-- What is expected --
Retype the range from the line holding "Definition LX_locally_convex_compact (R" to the last line of the listing, inclusive, exactly as it appears and with nothing else.

BEGIN Data to use

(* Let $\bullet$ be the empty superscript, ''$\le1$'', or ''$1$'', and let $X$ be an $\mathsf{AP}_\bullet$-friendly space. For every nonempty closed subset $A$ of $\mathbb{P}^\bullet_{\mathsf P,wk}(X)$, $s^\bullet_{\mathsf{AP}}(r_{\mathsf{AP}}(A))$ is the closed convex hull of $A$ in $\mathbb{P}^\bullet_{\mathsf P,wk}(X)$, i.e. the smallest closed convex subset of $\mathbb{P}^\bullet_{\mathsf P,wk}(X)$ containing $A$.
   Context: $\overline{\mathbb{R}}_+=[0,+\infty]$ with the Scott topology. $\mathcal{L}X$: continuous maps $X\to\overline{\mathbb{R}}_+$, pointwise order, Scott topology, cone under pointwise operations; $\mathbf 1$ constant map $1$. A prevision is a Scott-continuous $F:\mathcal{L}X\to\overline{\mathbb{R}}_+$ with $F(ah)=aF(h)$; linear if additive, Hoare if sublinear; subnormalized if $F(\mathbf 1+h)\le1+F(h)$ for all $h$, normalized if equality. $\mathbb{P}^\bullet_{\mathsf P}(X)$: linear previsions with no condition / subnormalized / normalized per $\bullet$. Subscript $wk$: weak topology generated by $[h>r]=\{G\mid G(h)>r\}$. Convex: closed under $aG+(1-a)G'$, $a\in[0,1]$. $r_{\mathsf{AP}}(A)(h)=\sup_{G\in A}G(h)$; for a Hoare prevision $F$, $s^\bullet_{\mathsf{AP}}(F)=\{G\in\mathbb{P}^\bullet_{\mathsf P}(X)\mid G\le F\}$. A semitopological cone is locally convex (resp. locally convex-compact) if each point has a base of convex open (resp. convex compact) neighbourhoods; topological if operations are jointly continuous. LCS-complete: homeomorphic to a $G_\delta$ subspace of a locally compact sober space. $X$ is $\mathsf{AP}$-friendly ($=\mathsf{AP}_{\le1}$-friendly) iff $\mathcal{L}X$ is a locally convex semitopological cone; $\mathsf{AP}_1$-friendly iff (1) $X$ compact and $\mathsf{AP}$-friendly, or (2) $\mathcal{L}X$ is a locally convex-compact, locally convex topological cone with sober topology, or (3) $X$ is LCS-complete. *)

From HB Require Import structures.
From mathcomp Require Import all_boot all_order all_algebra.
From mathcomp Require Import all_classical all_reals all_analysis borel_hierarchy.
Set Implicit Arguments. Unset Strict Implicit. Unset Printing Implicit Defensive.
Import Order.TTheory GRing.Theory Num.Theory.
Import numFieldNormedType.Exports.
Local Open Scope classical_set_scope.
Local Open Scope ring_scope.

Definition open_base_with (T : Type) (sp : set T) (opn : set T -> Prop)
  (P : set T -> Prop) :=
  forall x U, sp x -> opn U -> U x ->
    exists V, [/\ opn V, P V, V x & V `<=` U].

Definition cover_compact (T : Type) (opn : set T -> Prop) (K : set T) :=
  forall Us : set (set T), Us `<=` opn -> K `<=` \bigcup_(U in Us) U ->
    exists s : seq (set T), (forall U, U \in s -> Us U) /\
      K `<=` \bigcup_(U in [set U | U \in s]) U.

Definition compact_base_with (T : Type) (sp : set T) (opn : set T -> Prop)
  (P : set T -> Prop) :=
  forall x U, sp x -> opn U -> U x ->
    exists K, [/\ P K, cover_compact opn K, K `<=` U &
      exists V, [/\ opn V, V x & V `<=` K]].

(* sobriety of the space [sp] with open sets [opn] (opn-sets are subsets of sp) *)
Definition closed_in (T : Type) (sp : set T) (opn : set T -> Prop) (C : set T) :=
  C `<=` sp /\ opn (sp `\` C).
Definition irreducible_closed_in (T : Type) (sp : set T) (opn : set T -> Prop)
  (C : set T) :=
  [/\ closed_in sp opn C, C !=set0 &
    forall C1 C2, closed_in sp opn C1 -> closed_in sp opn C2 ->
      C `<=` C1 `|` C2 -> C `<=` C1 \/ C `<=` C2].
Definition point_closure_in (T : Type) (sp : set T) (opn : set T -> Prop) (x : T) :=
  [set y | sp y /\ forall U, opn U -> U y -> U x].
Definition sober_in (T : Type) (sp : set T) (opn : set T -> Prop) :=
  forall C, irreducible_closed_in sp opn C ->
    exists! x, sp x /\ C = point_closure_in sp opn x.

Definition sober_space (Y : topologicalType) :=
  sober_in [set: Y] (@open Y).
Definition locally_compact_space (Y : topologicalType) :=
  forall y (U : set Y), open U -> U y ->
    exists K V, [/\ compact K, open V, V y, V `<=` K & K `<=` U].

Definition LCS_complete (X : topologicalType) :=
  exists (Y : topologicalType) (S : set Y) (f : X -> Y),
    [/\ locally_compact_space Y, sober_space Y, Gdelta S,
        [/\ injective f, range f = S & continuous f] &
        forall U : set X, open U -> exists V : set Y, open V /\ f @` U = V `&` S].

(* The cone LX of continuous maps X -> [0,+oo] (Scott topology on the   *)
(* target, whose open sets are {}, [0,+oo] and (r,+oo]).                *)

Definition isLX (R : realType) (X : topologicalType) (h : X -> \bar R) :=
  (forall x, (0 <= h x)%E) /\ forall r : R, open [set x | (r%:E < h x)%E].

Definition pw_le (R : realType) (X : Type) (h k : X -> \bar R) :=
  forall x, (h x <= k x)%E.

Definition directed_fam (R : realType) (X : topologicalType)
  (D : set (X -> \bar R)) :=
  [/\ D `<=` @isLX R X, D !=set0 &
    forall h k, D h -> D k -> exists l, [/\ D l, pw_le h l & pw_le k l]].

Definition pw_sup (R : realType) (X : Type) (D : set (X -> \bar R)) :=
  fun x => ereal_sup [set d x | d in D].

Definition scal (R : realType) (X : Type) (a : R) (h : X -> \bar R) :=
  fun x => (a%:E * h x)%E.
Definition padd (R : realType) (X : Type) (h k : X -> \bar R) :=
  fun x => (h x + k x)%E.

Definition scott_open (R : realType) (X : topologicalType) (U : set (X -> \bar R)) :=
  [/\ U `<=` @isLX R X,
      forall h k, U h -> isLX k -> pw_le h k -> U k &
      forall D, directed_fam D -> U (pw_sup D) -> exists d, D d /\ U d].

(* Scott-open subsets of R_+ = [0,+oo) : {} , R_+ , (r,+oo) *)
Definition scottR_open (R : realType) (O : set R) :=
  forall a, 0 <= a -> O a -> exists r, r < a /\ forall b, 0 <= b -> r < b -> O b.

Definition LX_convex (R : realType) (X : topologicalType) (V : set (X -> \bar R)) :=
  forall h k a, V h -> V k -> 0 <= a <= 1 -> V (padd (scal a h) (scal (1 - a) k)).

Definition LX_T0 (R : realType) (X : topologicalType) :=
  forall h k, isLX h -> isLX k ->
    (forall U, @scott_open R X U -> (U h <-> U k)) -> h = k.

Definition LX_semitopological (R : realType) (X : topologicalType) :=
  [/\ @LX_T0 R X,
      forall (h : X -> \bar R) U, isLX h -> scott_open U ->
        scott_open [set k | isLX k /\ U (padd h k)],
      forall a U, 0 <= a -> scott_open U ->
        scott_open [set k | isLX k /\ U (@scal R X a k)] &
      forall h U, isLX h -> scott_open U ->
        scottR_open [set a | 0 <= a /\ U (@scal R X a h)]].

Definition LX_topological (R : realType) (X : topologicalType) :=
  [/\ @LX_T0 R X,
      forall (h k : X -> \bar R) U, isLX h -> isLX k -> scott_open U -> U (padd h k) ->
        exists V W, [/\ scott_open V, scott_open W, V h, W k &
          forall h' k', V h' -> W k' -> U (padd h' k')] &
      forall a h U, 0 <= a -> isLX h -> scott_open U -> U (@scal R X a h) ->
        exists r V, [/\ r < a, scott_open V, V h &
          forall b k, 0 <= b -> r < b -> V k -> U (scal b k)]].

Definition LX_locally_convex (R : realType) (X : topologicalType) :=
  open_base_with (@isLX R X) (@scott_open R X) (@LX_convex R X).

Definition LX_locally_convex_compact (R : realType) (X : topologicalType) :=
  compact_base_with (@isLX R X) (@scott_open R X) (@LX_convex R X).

END Data to use

-- Result for this exercise --
Definition LX_locally_convex_compact (R : realType) (X : topologicalType) :=
  compact_base_with (@isLX R X) (@scott_open R X) (@LX_convex R X).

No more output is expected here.